#### Exercise prompt:
From the entries that follow, reproduce exactly and only the lines from the line with "polynomial in the" to the line with "so each point", endpoints included.
◆ ◆ ◆
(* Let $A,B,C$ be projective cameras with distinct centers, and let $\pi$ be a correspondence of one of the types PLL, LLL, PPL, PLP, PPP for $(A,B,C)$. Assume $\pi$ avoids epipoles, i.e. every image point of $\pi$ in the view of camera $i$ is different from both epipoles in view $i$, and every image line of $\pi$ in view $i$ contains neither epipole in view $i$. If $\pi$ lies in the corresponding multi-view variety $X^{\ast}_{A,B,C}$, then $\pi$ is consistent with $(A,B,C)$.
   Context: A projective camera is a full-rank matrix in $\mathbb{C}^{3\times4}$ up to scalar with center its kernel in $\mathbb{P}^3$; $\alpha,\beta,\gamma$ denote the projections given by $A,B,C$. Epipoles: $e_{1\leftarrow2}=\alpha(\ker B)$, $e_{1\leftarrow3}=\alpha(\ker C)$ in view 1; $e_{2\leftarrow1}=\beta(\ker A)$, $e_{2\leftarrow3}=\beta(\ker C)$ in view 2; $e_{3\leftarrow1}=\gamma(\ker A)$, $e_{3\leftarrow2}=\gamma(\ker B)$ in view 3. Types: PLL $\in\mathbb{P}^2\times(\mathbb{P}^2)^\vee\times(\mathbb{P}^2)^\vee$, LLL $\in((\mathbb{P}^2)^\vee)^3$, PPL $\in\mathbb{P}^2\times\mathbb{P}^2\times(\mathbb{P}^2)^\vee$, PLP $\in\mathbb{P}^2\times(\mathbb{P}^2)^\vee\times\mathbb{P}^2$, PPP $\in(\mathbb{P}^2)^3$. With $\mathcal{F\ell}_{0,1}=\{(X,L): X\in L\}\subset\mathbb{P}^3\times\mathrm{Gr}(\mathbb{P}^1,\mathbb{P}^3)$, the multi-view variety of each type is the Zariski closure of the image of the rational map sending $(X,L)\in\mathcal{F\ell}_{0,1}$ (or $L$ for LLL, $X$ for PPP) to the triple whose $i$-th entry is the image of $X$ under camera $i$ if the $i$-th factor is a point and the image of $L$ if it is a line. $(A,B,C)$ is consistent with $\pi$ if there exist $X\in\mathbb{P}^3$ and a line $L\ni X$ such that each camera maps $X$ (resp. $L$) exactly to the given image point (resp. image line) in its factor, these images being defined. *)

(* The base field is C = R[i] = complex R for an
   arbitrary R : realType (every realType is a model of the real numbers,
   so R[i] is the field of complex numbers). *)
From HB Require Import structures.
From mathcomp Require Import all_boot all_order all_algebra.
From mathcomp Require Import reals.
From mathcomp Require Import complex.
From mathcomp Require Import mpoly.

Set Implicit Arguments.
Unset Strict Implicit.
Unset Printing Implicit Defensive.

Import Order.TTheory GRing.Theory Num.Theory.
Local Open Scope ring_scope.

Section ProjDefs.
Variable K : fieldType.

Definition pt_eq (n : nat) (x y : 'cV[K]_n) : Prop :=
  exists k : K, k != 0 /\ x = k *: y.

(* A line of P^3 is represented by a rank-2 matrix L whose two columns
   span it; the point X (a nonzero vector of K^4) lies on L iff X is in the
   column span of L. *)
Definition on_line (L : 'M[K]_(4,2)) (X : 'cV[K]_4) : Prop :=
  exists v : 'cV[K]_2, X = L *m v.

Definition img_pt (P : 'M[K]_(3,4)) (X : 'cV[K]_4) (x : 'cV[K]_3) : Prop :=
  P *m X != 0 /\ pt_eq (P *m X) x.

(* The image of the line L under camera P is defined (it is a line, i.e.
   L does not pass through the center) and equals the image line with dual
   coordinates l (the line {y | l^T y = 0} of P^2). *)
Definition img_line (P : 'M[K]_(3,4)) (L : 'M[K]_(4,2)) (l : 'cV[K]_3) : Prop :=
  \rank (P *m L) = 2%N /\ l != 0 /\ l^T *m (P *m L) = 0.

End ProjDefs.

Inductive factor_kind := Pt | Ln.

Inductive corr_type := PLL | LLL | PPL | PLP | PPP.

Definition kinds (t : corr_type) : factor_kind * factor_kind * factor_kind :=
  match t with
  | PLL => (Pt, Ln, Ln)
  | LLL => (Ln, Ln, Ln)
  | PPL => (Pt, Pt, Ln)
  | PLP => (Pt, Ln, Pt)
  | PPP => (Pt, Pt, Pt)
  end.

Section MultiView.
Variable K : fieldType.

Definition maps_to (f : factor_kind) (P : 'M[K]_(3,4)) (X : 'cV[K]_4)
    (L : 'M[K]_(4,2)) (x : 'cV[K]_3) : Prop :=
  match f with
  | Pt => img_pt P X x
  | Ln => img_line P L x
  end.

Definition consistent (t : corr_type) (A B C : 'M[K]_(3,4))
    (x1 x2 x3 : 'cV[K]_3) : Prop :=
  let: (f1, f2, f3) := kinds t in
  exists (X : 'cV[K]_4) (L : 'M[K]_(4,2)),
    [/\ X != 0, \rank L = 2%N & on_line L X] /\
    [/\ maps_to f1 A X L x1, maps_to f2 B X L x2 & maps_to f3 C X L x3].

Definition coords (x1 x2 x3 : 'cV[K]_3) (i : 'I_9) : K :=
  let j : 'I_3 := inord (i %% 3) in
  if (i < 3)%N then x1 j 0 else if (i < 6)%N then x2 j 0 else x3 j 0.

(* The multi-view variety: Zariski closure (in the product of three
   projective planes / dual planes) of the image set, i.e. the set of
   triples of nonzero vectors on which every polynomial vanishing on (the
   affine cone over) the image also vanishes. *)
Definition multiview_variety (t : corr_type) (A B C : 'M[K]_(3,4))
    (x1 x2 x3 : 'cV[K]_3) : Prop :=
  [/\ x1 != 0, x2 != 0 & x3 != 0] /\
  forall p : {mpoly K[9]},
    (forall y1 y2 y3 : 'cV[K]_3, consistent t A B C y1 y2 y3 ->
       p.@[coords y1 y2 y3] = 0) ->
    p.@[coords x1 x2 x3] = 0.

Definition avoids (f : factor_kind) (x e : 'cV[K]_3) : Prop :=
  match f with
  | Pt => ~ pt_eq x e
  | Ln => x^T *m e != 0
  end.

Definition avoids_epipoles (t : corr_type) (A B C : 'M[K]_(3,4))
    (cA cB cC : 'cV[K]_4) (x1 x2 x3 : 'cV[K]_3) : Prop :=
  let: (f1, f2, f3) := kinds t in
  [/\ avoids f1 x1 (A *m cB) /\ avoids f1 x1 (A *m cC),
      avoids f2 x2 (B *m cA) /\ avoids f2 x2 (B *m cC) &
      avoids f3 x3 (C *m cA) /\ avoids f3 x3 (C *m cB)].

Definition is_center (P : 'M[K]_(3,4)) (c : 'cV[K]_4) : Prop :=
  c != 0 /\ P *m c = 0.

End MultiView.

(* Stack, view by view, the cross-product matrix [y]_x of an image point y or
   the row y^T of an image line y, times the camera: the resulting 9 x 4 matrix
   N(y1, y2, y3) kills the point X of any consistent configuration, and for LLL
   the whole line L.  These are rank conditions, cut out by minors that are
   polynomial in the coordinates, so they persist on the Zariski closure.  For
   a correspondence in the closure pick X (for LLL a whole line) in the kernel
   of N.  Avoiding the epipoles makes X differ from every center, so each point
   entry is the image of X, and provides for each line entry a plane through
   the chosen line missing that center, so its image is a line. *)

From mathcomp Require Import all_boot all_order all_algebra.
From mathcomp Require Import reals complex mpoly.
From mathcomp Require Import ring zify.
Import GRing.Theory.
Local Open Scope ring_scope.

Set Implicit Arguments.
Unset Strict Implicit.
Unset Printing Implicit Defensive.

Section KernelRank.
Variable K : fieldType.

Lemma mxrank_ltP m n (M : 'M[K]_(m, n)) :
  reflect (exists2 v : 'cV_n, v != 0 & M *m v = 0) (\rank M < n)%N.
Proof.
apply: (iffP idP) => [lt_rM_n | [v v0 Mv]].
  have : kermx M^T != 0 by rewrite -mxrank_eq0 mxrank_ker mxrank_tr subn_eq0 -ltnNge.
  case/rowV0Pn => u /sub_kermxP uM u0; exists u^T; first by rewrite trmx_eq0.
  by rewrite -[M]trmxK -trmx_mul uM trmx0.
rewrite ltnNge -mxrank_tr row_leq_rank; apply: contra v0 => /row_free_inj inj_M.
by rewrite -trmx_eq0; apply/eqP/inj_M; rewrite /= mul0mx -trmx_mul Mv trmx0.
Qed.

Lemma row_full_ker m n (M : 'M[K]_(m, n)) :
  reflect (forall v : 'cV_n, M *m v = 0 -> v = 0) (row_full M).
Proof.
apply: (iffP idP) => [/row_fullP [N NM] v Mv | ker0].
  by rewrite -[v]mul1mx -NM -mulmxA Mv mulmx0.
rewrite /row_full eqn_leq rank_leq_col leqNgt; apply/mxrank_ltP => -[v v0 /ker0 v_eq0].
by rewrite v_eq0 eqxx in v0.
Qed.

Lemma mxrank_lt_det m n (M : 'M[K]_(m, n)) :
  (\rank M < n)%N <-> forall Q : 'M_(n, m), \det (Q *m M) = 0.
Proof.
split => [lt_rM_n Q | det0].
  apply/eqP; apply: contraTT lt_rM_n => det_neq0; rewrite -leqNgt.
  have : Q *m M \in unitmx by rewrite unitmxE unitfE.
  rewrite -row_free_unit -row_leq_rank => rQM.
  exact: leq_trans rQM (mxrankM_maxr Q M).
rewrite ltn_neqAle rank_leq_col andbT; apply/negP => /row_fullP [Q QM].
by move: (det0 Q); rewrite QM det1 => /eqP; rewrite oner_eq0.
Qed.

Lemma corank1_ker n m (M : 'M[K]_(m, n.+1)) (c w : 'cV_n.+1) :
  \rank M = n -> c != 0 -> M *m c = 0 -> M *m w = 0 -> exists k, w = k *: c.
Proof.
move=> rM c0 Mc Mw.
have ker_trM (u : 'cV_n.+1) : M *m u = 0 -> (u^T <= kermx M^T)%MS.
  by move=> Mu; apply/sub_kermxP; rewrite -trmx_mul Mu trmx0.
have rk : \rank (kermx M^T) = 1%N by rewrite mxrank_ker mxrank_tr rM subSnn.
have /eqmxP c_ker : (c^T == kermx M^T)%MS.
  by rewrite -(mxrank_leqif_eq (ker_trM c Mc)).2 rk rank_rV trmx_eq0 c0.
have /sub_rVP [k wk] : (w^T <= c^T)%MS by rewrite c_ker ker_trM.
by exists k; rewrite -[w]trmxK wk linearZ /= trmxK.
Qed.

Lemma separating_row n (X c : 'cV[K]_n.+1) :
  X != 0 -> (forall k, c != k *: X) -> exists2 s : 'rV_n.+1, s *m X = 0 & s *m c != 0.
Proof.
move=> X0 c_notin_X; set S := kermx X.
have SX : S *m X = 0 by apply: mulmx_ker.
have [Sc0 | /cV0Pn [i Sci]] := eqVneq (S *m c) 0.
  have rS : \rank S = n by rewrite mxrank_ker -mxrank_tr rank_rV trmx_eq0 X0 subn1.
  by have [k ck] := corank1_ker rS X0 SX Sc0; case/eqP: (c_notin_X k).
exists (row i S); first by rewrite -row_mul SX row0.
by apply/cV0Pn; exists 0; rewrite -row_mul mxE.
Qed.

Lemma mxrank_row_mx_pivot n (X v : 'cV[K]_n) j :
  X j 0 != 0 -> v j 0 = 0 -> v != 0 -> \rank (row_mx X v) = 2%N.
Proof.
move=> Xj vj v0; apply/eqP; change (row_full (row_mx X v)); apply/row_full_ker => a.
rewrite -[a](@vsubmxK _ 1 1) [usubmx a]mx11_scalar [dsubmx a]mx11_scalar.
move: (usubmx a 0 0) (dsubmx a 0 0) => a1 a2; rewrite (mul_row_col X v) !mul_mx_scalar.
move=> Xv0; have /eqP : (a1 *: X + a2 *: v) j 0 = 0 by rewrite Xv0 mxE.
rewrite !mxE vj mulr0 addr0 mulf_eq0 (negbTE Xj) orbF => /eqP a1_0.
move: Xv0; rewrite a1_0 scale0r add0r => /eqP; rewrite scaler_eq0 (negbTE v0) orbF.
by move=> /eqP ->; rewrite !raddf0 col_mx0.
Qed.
◆ ◆ ◆
#### The answer:
   polynomial in the coordinates, so they persist on the Zariski closure.  For
   a correspondence in the closure pick X (for LLL a whole line) in the kernel
   of N.  Avoiding the epipoles makes X differ from every center, so each point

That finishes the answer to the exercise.